Quant à mes réflexions sur l’hypocrisie, c’était juste pour remarquer que l’on ne devait pas réfléchir à des positions opposées aux siennes sou prétexte que nos positions nous sont confortables…Car sinon, c’est un appel au silence, non ?
Remarquez que là, je n’ai cité aucune célébrité cette fois ci…
Et oui, je pense comme toi, Karol, mais je ne m’interdis pas de faire mon propre procès…Schizo ?




"Ne prenez pas la vie trop au sérieux. De toute façon,vous n'en ressortirez pas vivant!"


 LiLi B a écrit [13/03/2008 - 16h56] 
LiLi B

Ca chauffe ici !!!!

Je parlais justement de ce sujet hier soir à un dïner par rapport aux tests effectués sur les rats pour l'ogm mon 810.
D'une manière plus général, tout le monde a un avis mais personne n'a de solution. Je n'apporterai rien ne plus ici.
Seulement il m'est arrivé de tester des produits cosmetiques pour arrondir mes fins de mois afin que madame la baronne est un joli teint.
On peut alors poursuivre le débat: Etes vous pour les tests sur les gens en situation de précarité ? On a une consience, donc le choix mais ...une famille à nourrir.
Aujourd'hui, je suis loin de tout ça. J'ai fait un autre choix. Celui de me restreindre au lieu de faire subir des tests à mon corps. je vais beaucoup mieux merci 8-O




 Chu Fu a écrit [13/03/2008 - 17h06] 
Chu Fu

Là, franchement, carter, tu me fatigues avec tes "Si Chu Fu voit un chat avec le cerveau ouvert et des électrodes sur ses différents lobes, l'émotion qu'elle ressent est négative. Elle en retire un sentiment d'injustice, de Mal qui sera le fer de lance de son dégoût envers l'expérimentation.", je me tue à t'expliquer que je ne me situe ni dans l'émotion, ni dans le concept !!!

Ben oui, ma LiliB, ta situation est le fruit d'un monde sans autre éthique que celle de s'enrichir personnellement et de jouir ici et maintenant d'un maximum de privilèges, quel que soit le prix a payer... la note étant pour autrui, bien sûr, quelle que soit l'espèce à laquelle il appartient !
Tu as regardé le documentaire Monsanto sur Arte ?




 carter a écrit [13/03/2008 - 17h28] 
carter

C'est exactement ça: désacraliser l'animal, c'est désacraliser l'homme. Dit autrement: l'expérimentation animal possède en elle les germes de l'expérimentation humaine.Or cette dernière est indéniablement problématique...
Un exemple simple: la firme Monsento utilise le simple citoyen comme cobaye en imposant ses semences transgéniques aux fermiers américains alors que le principe de précaution interdirait de le faire (d'ou les divergences UE/ USA sur les OGM)
On peut y voir une simple dérive d'une entreprise tentaculaire aux comportements souvent traités de "voyou". Mais on peut aussi un voir un tendance actuelle de l'expérimentation humaine à grande échelle. Le sort qui était réservé à quelques souris à la base devient de plus en plus celui de l'homme, se transformant en norme d'une société tombée sous la logique rationnelle...

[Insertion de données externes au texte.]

Lemma gdist_adj x y z : e y z -> (gdist e x z <= (gdist e x y).+1)%N.
Proof.
move=> Hyz; apply: leq_trans (gdist_triangle x y z) _.
by rewrite -addn1 leq_add2l -ballE ball1_adj.
Qed.

Lemma gdistxx x : gdist e x x = 0%N.
Proof. by apply/eqP; rewrite -leqn0 -ballE /= in_set1. Qed.

Lemma gdist_eq0 x y : gdist e x y = 0%N -> y = x.
Proof. by move=> H; apply/eqP; rewrite -in_set1 -[[set x]]/(ball e 0 x) ballE H. Qed.

Lemma gdist_pred x y n :
  gdist e x y = n.+1 -> exists2 z, e z y & gdist e x z = n.
Proof.
move=> Hy; have : y \in ball e n.+1 x by rewrite ballE Hy.
rewrite ballS ballE Hy ltnn => /existsP[z /andP[]]; rewrite ballE => Hz Hzy.
by exists z => //; have := gdist_adj x Hzy; lia.
Qed.

Lemma gdist_down x y i : (i <= gdist e x y)%N -> exists y', gdist e x y' = i.
Proof.
move Hn : (gdist e x y) => n; elim: n y Hn => [|n IH] y Hy Hi.
  by exists y; rewrite Hy; lia.
have [->|Hne] := eqVneq i n.+1; first by exists y.
by have [z _ Hz] := gdist_pred Hy; apply: (IH z Hz); lia.
Qed.

Lemma odd_gdist (f : T -> bool) :
  (forall x y, e x y -> f x != f y) -> forall x y, odd (gdist e x y) = (f x != f y).
Proof.
move=> Hf x y; move Hn : (gdist e x y) => n.
elim: n y Hn => [|n IH] y Hy; first by rewrite (gdist_eq0 Hy) eqxx.
have [z Hzy Hz] := gdist_pred Hy; have := Hf _ _ Hzy.
by rewrite /= (IH z Hz); case: (f x); case: (f y); case: (f z).
Qed.

Lemma gdist_adj_neq x y z : bipartite e -> e y z -> gdist e x z != gdist e x y.
Proof.
case=> f Hf Hyz; apply/eqP => Heq; have := Hf _ _ Hyz.
have := odd_gdist Hf x z; rewrite Heq (odd_gdist Hf).
by case: (f x); case: (f y); case: (f z).
Qed.

Section DistanceRegular.
Variables (d : nat) (b c : nat -> nat).
Hypothesis diam : has_diameter e d.
Hypothesis c_card : forall x y,
  #|[set z | e y z & gdist e x z == (gdist e x y).-1]| = c (gdist e x y).
Hypothesis b_card : forall x y,
  #|[set z | e y z & gdist e x z == (gdist e x y).+1]| = b (gdist e x y).

Lemma gdist_le_diam x y : (gdist e x y <= d)%N.
Proof. by case: diam. Qed.

Lemma exists_gdist i : (i <= d)%N -> exists x y, gdist e x y = i.
Proof.
have [_ [x [y Hxy]]] := diam; rewrite -Hxy => /gdist_down[y' Hy'].
by exists x, y'.
Qed.

Lemma c_gt0 i : (0 < i <= d)%N -> (0 < c i)%N.
Proof.
case/andP=> i_gt0 /exists_gdist[x [y Hxy]].
have [|z Hzy Hz] := @gdist_pred x y i.-1; first by rewrite Hxy; lia.
rewrite -Hxy -c_card; apply/card_gt0P; exists z.
by rewrite inE e_sym Hzy Hz Hxy eqxx.
Qed.

Lemma b_gt0 i : (i < d)%N -> (0 < b i)%N.
Proof.
case/exists_gdist=> x [y Hxy]; have [z Hzy Hz] := gdist_pred Hxy.
by rewrite -Hz -b_card; apply/card_gt0P; exists y; rewrite inE Hzy Hz Hxy eqxx.
Qed.

Hypothesis e_bip : bipartite e.

Lemma card_adj x y : #|[set z | e y z]| = (c (gdist e x y) + b (gdist e x y))%N.
Proof.
rewrite -c_card -b_card -(cardID [pred z | gdist e x z < gdist e x y] [set z | e y z]).
congr (_ + _); apply: eq_card => z; rewrite !inE.
all: case Hyz: (e y z); rewrite ?andbT ?andbF //.
all: have Hzy : e z y by rewrite e_sym.
all: have := gdist_adj x Hyz; have := gdist_adj x Hzy; have := gdist_adj_neq x e_bip Hyz.
all: lia.
Qed.
Lemma psi_b_attained (T : finType) (e : rel T) k :
  0 < k -> exists2 P, bkpvc e k P & psi_b e k = #|P|.
Proof.
move=> k_gt0; rewrite /psi_b.
by case: arg_minnP => [|Q Q_cover _]; [exact: bkpvc_setT | exists Q].
Qed.

Lemma psi_b_lower (T : finType) (e : rel T) k :
  forest e -> 2 <= #|T| -> 1 < k -> #|T| + 3 * k - 1 <= 2 * k * psi_b e k.
Proof.
move=> [[e_sym e_irr] e_acyclic] T_ge2 k_gt1.
have [P P_cover ->] := psi_b_attained e (ltnW k_gt1).
exact: bkpvc_card_lower.
Qed.

Definition parent_rel n (par : nat -> nat) : rel 'I_n :=
  fun x y => (0 < x) && (par x == y) || (0 < y) && (par y == x).

Lemma parent_rel_deg n (par : nat -> nat) (x : 'I_n) (ns : seq nat) :
  uniq ns -> all (fun y => y < n) ns ->
  (forall y, y \in ns -> (0 < x) && (par x == y) || (0 < y) && (par y == x)) ->
  size ns <= deg (@parent_rel n par) x.
Proof.
move=> uniq_ns ns_lt ns_nbr.
have size_ns : size (pmap insub ns : seq 'I_n) = size ns.
  by rewrite size_pmap_sub; apply/eqP; rewrite -all_count.
rewrite -size_ns; apply: uniq_size_leq_deg; first exact: pmap_sub_uniq.
by move=> y; rewrite mem_pmap_sub => /ns_nbr.
Qed.

(* At the maximum of a cycle, both cycle neighbours would have to be its parent. *)
Lemma parent_rel_forest n (par : nat -> nat) :
  (forall v, 0 < v -> par v < v) -> forest (@parent_rel n par).
Proof.
move=> par_lt; split.
  split=> [x y|x]; first by rewrite /parent_rel orbC.
  rewrite /parent_rel orbb; apply/negP => /andP[x0 /eqP px].
  by have := par_lt x x0; rewrite px ltnn.
move=> s uniq_s s_ge3; apply/negP => cycle_s.
have [m ms m_max] : exists2 m, m \in s & {in s, forall x : 'I_n, x <= m}.
  case: s s_ge3 {uniq_s cycle_s} => // x0 s _.
  by case: (@arg_maxnP _ x0 (mem (x0 :: s)) val (mem_head _ _)) => m ms max_m; exists m.
have [i w def_s] := rot_to ms.
have w_lt x : x \in w -> x < m.
  move=> xw; have xs : x \in s by rewrite -(mem_rot i) def_s inE xw orbT.
  rewrite ltn_neqAle m_max // andbT; apply: contraTneq xw => /val_inj->.
  by move: uniq_s; rewrite -(rot_uniq i) def_s => /andP[].
have par_m x : x \in w -> @parent_rel n par m x -> par m = x.
  move=> xw /orP[/andP[_ /eqP //]|/andP[x0 /eqP pxm]].
  by have := ltn_trans (par_lt x x0) (w_lt x xw); rewrite pxm ltnn.
move: uniq_s cycle_s s_ge3; rewrite -(rot_uniq i) -(rot_cycle i) -(size_rot i) def_s.
case: w def_s w_lt par_m => [|a [|c t]] //= _ _ par_m /and4P[_ a_ct _ _] /and3P[ema _].
rewrite rcons_path => /andP[_ ezm] _.
have mz : parent_rel par m (last c t) by rewrite /parent_rel orbC.
have a_z : a = last c t.
  apply: val_inj; rewrite /= -(par_m a (mem_head _ _) ema) (par_m _ _ mz) //.
  by rewrite inE mem_last orbT.
by move: a_ct; rewrite a_z mem_last.
Qed.

(* The extremal tree: the spine 0 - 1 - ... - (b+1)k in which every hub jk with
   1 <= j <= b also carries the pendant path (b+j)k+1 - ... - (b+j+1)k.  Its leaves
   are 0 and the jk with j > b. *)
Section Caterpillar.
Variables k b : nat.
Hypothesis k_gt1 : 1 < k.

Definition cat_parent v :=
  if ((b + 1) * k < v) && (k %| v.-1) then v.-1 - b * k else v.-1.

Definition cat_order := (k * (2 * b + 1)).+1.

Definition caterpillar : rel 'I_cat_order := parent_rel cat_parent.

Definition cat_cover : {set 'I_cat_order} :=
  [set v : 'I_cat_order | (k %| v) && ((v == 0 :> nat) || ((b + 1) * k <= v))].

Let k_gt0 : 0 < k := ltnW k_gt1.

Et si les dangers environnementaux que les Cassandres nous prédisent ,se réalisent; ce sera bien le procès de la rationalité que l'humanité effectuera...




"Ne prenez pas la vie trop au sérieux. De toute façon,vous n'en ressortirez pas vivant!"


 karol a écrit [13/03/2008 - 20h52] 
karol

Salut carter,

Je n'avais pas compris que tu m'attribuais de telles idées, bien qu'en relisant ton post, je commencais à m'en douter...

Je comprends désormais ce que tu veux dire comme je comprends en quoi mes propos peuvent prêter à confusion. Cela dit, ton analyse ne reflète pas réellement ce que je voulais dire. La preuve: je pense que la souffrance animale est bien plus présente sur le continent africain ou sud américain que sur le continent européen. Et pas au nom de la rationalité et du progrés, non, au nom de la nécessité.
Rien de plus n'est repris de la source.